• [Task instructions]: Each line below must be transcribed with no word changed.

• [Exercise inputs]:
(* Let $n\ge d$, let $\mathbf X\in\mathbb R^{n\times d}$ have full column rank, let $1\le k<d$, let $\mathbf y\in\mathbb R^n$ with $\hat\sigma_{1:k}:=\|(\mathbf I-\mathbf P_{-1:k})\mathbf y\|>0$, and fix $\lambda>0$. With $\hat{\boldsymbol\beta}^\lambda_{-1:k}(\cdot)$, $\mathcal A(\cdot)$, $\mathbf P_{\mathcal A(\cdot)}$ and $g_r$ as in the context, let $\mathbf b^*\in\mathbb R^k\setminus\{\mathbf 0\}$ be such that $\mathcal A(\cdot)$ is constant on a neighborhood of $\mathbf b^*$. Then there is a neighborhood $N$ of $\mathbf b^*$ such that for all $\mathbf b\in N$ with $\|\mathbf b\|=\|\mathbf b^*\|$, $$g_{\|\mathbf b^*\|}(\mathbf b)=\nabla g_{\|\mathbf b^*\|}(\mathbf b^* )\,\mathbf b+\boldsymbol\nu(\mathbf b^* ),$$ where $$\boldsymbol\nu(\mathbf b^* )=-\frac{1}{\hat\sigma_{1:k}}\mathbf V_{1:k}^T\mathbf X_{1:k}\check{\boldsymbol\beta}^\lambda_{1:k}(\mathbf b^* ),\qquad \check{\boldsymbol\beta}^\lambda_{1:k}(\mathbf b^* )=\mathbf S^{-1}\mathbf X_{1:k}^T\mathbf P_{-1:k}\big(\mathbf y-\mathbf X_{-1:k}\hat{\boldsymbol\beta}^\lambda_{-1:k}(\mathbf b^* )-\mathbf P_{\mathcal A(\mathbf b^* )}\mathbf X_{1:k}\mathbf b^*\big),$$ $\mathbf S=\mathbf X_{1:k}^T\mathbf V_{1:k}\mathbf V_{1:k}^T\mathbf X_{1:k}$, and $\nabla g_{r}(\mathbf b^* )=\frac{1}{\hat\sigma_{1:k}}(\mathbf X_{1:k}^T\mathbf V_{1:k})^{-1}\big[\mathbf X_{1:k}^T(\mathbf I-\mathbf P_{\mathcal A(\mathbf b^* )})\mathbf X_{1:k}+\frac{n\lambda}{r}\mathbf I\big]$.
   Context: For a matrix $\mathbf A$, $\mathbf A_i$ is its $i$-th column, $\mathbf A_{1:i}$ its first $i$ columns and $\mathbf A_{-1:i}$ the submatrix with the first $i$ columns removed. $\mathbf P_{-1:i}$ is the orthogonal projection onto the column space of $\mathbf X_{-1:i}$. $\mathbf V\in\mathbb R^{n\times(n-d+k)}$ has orthonormal columns spanning the orthogonal complement of the column space of $\mathbf X_{-1:k}$, with first $k$ columns $\mathbf V_i=(\mathbf I-\mathbf P_{-1:i})\mathbf X_i/\|(\mathbf I-\mathbf P_{-1:i})\mathbf X_i\|$. $\hat{\mathbf y}_{1:k}=\mathbf P_{-1:k}\mathbf y$. For $\mathbf b\in\mathbb R^k$: $\hat{\boldsymbol\beta}^\lambda_{-1:k}(\mathbf b)=\arg\min_{\boldsymbol\gamma\in\mathbb R^{d-k}}\big(\frac1{2n}\|\mathbf y-\mathbf X_{1:k}\mathbf b-\mathbf X_{-1:k}\boldsymbol\gamma\|_2^2+\lambda\|\boldsymbol\gamma\|_1\big)$ (unique); $\mathcal A(\mathbf b)\subseteq\{k+1,\dots,d\}$ is the set of indices of columns of $\mathbf X$ whose coefficient in $\hat{\boldsymbol\beta}^\lambda_{-1:k}(\mathbf b)$ is nonzero; $\mathbf P_{\mathcal A(\mathbf b)}$ is the orthogonal projection onto the span of $\{\mathbf X_i:i\in\mathcal A(\mathbf b)\}$. For $r>0$, $g_r(\mathbf b)=\frac{1}{\hat\sigma_{1:k}}(\mathbf X_{1:k}^T\mathbf V_{1:k})^{-1}\big(-\mathbf X_{1:k}^T(\hat{\mathbf y}_{1:k}-\mathbf X_{1:k}\mathbf b-\mathbf X_{-1:k}\hat{\boldsymbol\beta}^\lambda_{-1:k}(\mathbf b))+n\lambda\,\mathbf b/r\big)$ (the paper's $f^{-1}_{\mathbf S^{(1:k)}}(\mathbf b;r)$). *)

From HB Require Import structures.
From mathcomp Require Import all_boot all_order all_algebra.
From mathcomp Require Import reals.
Set Implicit Arguments. Unset Strict Implicit. Unset Printing Implicit Defensive.
Import Order.TTheory GRing.Theory Num.Theory.
Local Open Scope ring_scope.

• [Written response]:
(* Let $n\ge d$, let $\mathbf X\in\mathbb R^{n\times d}$ have full column rank, let $1\le k<d$, let $\mathbf y\in\mathbb R^n$ with $\hat\sigma_{1:k}:=\|(\mathbf I-\mathbf P_{-1:k})\mathbf y\|>0$, and fix $\lambda>0$. With $\hat{\boldsymbol\beta}^\lambda_{-1:k}(\cdot)$, $\mathcal A(\cdot)$, $\mathbf P_{\mathcal A(\cdot)}$ and $g_r$ as in the context, let $\mathbf b^*\in\mathbb R^k\setminus\{\mathbf 0\}$ be such that $\mathcal A(\cdot)$ is constant on a neighborhood of $\mathbf b^*$. Then there is a neighborhood $N$ of $\mathbf b^*$ such that for all $\mathbf b\in N$ with $\|\mathbf b\|=\|\mathbf b^*\|$, $$g_{\|\mathbf b^*\|}(\mathbf b)=\nabla g_{\|\mathbf b^*\|}(\mathbf b^* )\,\mathbf b+\boldsymbol\nu(\mathbf b^* ),$$ where $$\boldsymbol\nu(\mathbf b^* )=-\frac{1}{\hat\sigma_{1:k}}\mathbf V_{1:k}^T\mathbf X_{1:k}\check{\boldsymbol\beta}^\lambda_{1:k}(\mathbf b^* ),\qquad \check{\boldsymbol\beta}^\lambda_{1:k}(\mathbf b^* )=\mathbf S^{-1}\mathbf X_{1:k}^T\mathbf P_{-1:k}\big(\mathbf y-\mathbf X_{-1:k}\hat{\boldsymbol\beta}^\lambda_{-1:k}(\mathbf b^* )-\mathbf P_{\mathcal A(\mathbf b^* )}\mathbf X_{1:k}\mathbf b^*\big),$$ $\mathbf S=\mathbf X_{1:k}^T\mathbf V_{1:k}\mathbf V_{1:k}^T\mathbf X_{1:k}$, and $\nabla g_{r}(\mathbf b^* )=\frac{1}{\hat\sigma_{1:k}}(\mathbf X_{1:k}^T\mathbf V_{1:k})^{-1}\big[\mathbf X_{1:k}^T(\mathbf I-\mathbf P_{\mathcal A(\mathbf b^* )})\mathbf X_{1:k}+\frac{n\lambda}{r}\mathbf I\big]$.
   Context: For a matrix $\mathbf A$, $\mathbf A_i$ is its $i$-th column, $\mathbf A_{1:i}$ its first $i$ columns and $\mathbf A_{-1:i}$ the submatrix with the first $i$ columns removed. $\mathbf P_{-1:i}$ is the orthogonal projection onto the column space of $\mathbf X_{-1:i}$. $\mathbf V\in\mathbb R^{n\times(n-d+k)}$ has orthonormal columns spanning the orthogonal complement of the column space of $\mathbf X_{-1:k}$, with first $k$ columns $\mathbf V_i=(\mathbf I-\mathbf P_{-1:i})\mathbf X_i/\|(\mathbf I-\mathbf P_{-1:i})\mathbf X_i\|$. $\hat{\mathbf y}_{1:k}=\mathbf P_{-1:k}\mathbf y$. For $\mathbf b\in\mathbb R^k$: $\hat{\boldsymbol\beta}^\lambda_{-1:k}(\mathbf b)=\arg\min_{\boldsymbol\gamma\in\mathbb R^{d-k}}\big(\frac1{2n}\|\mathbf y-\mathbf X_{1:k}\mathbf b-\mathbf X_{-1:k}\boldsymbol\gamma\|_2^2+\lambda\|\boldsymbol\gamma\|_1\big)$ (unique); $\mathcal A(\mathbf b)\subseteq\{k+1,\dots,d\}$ is the set of indices of columns of $\mathbf X$ whose coefficient in $\hat{\boldsymbol\beta}^\lambda_{-1:k}(\mathbf b)$ is nonzero; $\mathbf P_{\mathcal A(\mathbf b)}$ is the orthogonal projection onto the span of $\{\mathbf X_i:i\in\mathcal A(\mathbf b)\}$. For $r>0$, $g_r(\mathbf b)=\frac{1}{\hat\sigma_{1:k}}(\mathbf X_{1:k}^T\mathbf V_{1:k})^{-1}\big(-\mathbf X_{1:k}^T(\hat{\mathbf y}_{1:k}-\mathbf X_{1:k}\mathbf b-\mathbf X_{-1:k}\hat{\boldsymbol\beta}^\lambda_{-1:k}(\mathbf b))+n\lambda\,\mathbf b/r\big)$ (the paper's $f^{-1}_{\mathbf S^{(1:k)}}(\mathbf b;r)$). *)

From HB Require Import structures.
From mathcomp Require Import all_boot all_order all_algebra.
From mathcomp Require Import reals.
Set Implicit Arguments. Unset Strict Implicit. Unset Printing Implicit Defensive.
Import Order.TTheory GRing.Theory Num.Theory.
Local Open Scope ring_scope.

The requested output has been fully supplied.